**TASK TO CARRY OUT**:
Isolate every line in the data with the string "forall" and copy it.

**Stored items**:
/---

Lemma measure_le_moment A c p : measurable A -> 0 <= c ->
  (forall x, 0 <= p.[x]) -> (forall x, A x -> c <= p.[x]) -> c * fine (nu A) <= moment w p.
Proof.
move=> mA c_ge0 p_ge0 c_le_p; have /integrableP[mp _] := integrable_horner p.
rewrite -lee_fin EFinM fineK ?has_moments_fin_num // -integral_horner -integral_cst //.
apply: (@le_trans _ _ (\int[nu]_(x in A) (p.[x])%:E)%E).
  apply: ge0_le_integral => //; exact: measurable_funS mp.
by apply: ge0_subset_integral => // x _; rewrite lee_fin.
Qed.

Lemma atom_le_moment t p : p.[t] ^+ 2 * fine (nu [set t]) <= moment w (p ^+ 2).
Proof.
apply: measure_le_moment => //.
- exact: sqr_ge0.
- by move=> x; rewrite horner_exp sqr_ge0.
- by move=> x ->; rewrite horner_exp.
Qed.

Lemma measure_compl_itv_eq0 b : 0 < b -> (forall k, w (2 * k)%N <= b ^+ (2 * k)) ->
  nu (~` `]- (2 * b), 2 * b[) = 0%E.
Proof.
move=> b_gt0 w_le; set C := ~` _.
have mC : measurable C by apply: measurableC; exact: measurable_itv.
have a_ge0 : 0 <= fine (nu C) by apply: fine_ge0.
have markov k : (2 * b) ^+ (2 * k) * fine (nu C) <= b ^+ (2 * k).
  apply: le_trans (w_le k); rewrite -momentXn; apply: measure_le_moment => //.
  - by rewrite exprn_ge0 ?mulr_ge0 ?ltW.
  - by move=> x; rewrite hornerXn exprM exprn_ge0 ?sqr_ge0.
  move=> x; rewrite /C /= in_itv /= => /negP; rewrite negb_and -!leNgt hornerXn !exprM => x_out.
  rewrite lerXn2r ?nnegrE ?sqr_ge0 //; case/orP: x_out; nra.
have a_le k : fine (nu C) * k.+1%:R <= 1.
  have b_pos : 0 < b ^+ (2 * k) by rewrite exprn_gt0.
  have k_le : k.+1%:R <= 2 ^+ (2 * k) :> R.
    by rewrite -natrX ler_nat (leq_ltn_trans (leq_pmull k _) (ltn_expl _ _)).
  apply: le_trans (ler_wpM2l a_ge0 k_le) _; rewrite -(ler_pM2r b_pos) mul1r.
  by apply: le_trans (markov k); rewrite exprMn [leRHS]mulrC mulrA.
apply/eqP; rewrite -[nu C]fineK ?has_moments_fin_num // eqe; apply/eqP.
by apply/le_anti; rewrite a_ge0 natr_mul_le1_le0.
Qed.
End Moments.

\---

**RESULT OF THE EXERCISE**:
  (forall x, 0 <= p.[x]) -> (forall x, A x -> c <= p.[x]) -> c * fine (nu A) <= moment w p.
Lemma measure_compl_itv_eq0 b : 0 < b -> (forall k, w (2 * k)%N <= b ^+ (2 * k)) ->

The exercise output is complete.